A Calgary judge has sentenced a Sierra Leone man, a former child soldier, to five months in jail after he was found living in the city illegally last year.
Justice I.L. Maharaj said Ibrahim Jalloh was deemed inadmissible to the country in 2012 based on “serious criminality.”
According to the Alberta Court of Justice decision published April 29, Jalloh was not removed from Canada until 2023.
Following that deportation, Jalloh made his way back to Canada, which he entered illegally through the port of Vancouver.
On Dec. 22, 2025, the Canada Border Services Agency discovered he was back in the country and, by Dec. 31, he was apprehended by the Calgary Police Service.
Maharaj, in her reasons, said the court is not responsible for evaluating the correctness of the immigration process that resulted in Jalloh being blocked from entering Canada.
“I accept that determination on its face. Mr. Jalloh is not permitted to be in Canada without authorization,” she wrote.
“This court is faced with determining an appropriate sentence for Mr.
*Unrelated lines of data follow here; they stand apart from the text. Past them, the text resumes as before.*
(* Consider the two-dimensional Euler–Poincaré equation $\partial_t\mathbf m=-\mathbf u\cdot\nabla\mathbf m-(\nabla\mathbf u)^T\cdot\mathbf m-\mathbf m\,\mathrm{div}\,\mathbf u$ with $\mathbf m=\mathbf u-\Delta\mathbf u$, restricted to fields depending only on $(x,t)$, so that $\mathbf u(x,t)=\int_{\mathbb R}G(x,y)\mathbf m(y,t)\,dy$ with $G(x,y)=\frac12e^{-|x-y|}$. For the ansatz $$\mathbf m(x,t)=\sum_{i=1}^N\big(p_i(t)\hat{\mathbf x}+v_i(t)\hat{\mathbf y}\big)\delta(x-q_i(t)),$$ both the $x$- and $y$-components of the equation yield the same equation $\dot q_i=\sum_jp_jG(q_i,q_j)$; moreover $\dot v_i=0$, and $(q_i,p_i)$ satisfy Hamilton's canonical equations $\dot q_i=\partial H/\partial p_i$, $\dot p_i=-\partial H/\partial q_i$ with $$H=\frac12\sum_{i,j=1}^N(p_ip_j+v_iv_j)G(q_i,q_j),$$ the $v_i$ being constant parameters. The variables $y_i$ canonically conjugate to $v_i$ ($\{y_i,v_j\}=\delta_{ij}$) satisfy $\dot y_i=\sum_jv_jG(q_i,q_j)=\hat{\mathbf y}\cdot\mathbf u(q_i,t)$.
   Context: $\hat{\mathbf x},\hat{\mathbf y}$ are the Cartesian unit vectors; solutions are understood in the weak (distributional) sense, with the derivative of $G$ at its kink interpreted as the average of the one-sided limits, consistently with $\partial H/\partial q_i$. The $q_i$ are assumed distinct. *)

From Stdlib Require Import Reals.
From Coquelicot Require Import Coquelicot.
Open Scope R_scope.

Fixpoint sumN (N : nat) (f : nat -> R) : R :=
  match N with O => 0 | S n => sumN n f + f n end.

(* Green's function of 1 - d^2/dx^2 on R *)
Definition G (x y : R) : R := / 2 * exp (- Rabs (x - y)).

(* dG x y = derivative of G in its first argument; at the kink x = y it is
   the average of the one-sided limits (-1/2 and +1/2), i.e. 0
   (Coquelicot's [sign 0 = 0]). *)
Definition dG (x y : R) : R := - / 2 * sign (x - y) * exp (- Rabs (x - y)).

(* Ansatz: m = sum_i (p_i xhat + v_i yhat) delta(x - q_i).
   Trajectories are indexed by i < N : q p v : nat -> R -> R. *)

(* pairing <sum_i a_i(t) delta(. - q_i(t)), psi> *)
Definition mpair (N : nat) (a q : nat -> R -> R) (t : R) (psi : R -> R) : R :=
  sumN N (fun i => a i t * psi (q i t)).

(* u = G * m : components u1 (x-component, weights p) and u2 (weights v),
   and their x-derivatives (with the kink convention). *)
Definition ufield (N : nat) (a q : nat -> R -> R) (x t : R) : R :=
  sumN N (fun j => a j t * G x (q j t)).
Definition uxfield (N : nat) (a q : nat -> R -> R) (x t : R) : R :=
  sumN N (fun j => a j t * dG x (q j t)).

Definition dx (phi : R -> R -> R) (x t : R) : R := Derive (fun x' => phi x' t) x.
Definition dt (phi : R -> R -> R) (x t : R) : R := Derive (fun t' => phi x t') t.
Jalloh’s offence of entering Canada in the face of an order that he not do so.”
‘Compelled to commit atrocious acts’
Jalloh, who was born in Freetown, Sierra Leone, in 1989, told the court he was recruited against his will into the rebel army and trained as a child soldier during the country’s civil war.
During that time “he was compelled to commit atrocious acts against others.”
“He asserts that he suffered severe psychological trauma as a result of this experience,” Maharaj wrote.
Following the war, Jalloh was reunited with his father and the pair immigrated to Canada, entering the country legally on July 23, 2007. Jalloh was granted permanent resident status at that time.
While living in Canada, Maharaj said Jalloh “acquired numerous criminal convictions” beginning in 2010.
Those convictions resulted in a deportation order against Jalloh, which was issued on June 7, 2012.
From that point until his deportation in 2023, Maharaj said he “continued to add to his criminal record.”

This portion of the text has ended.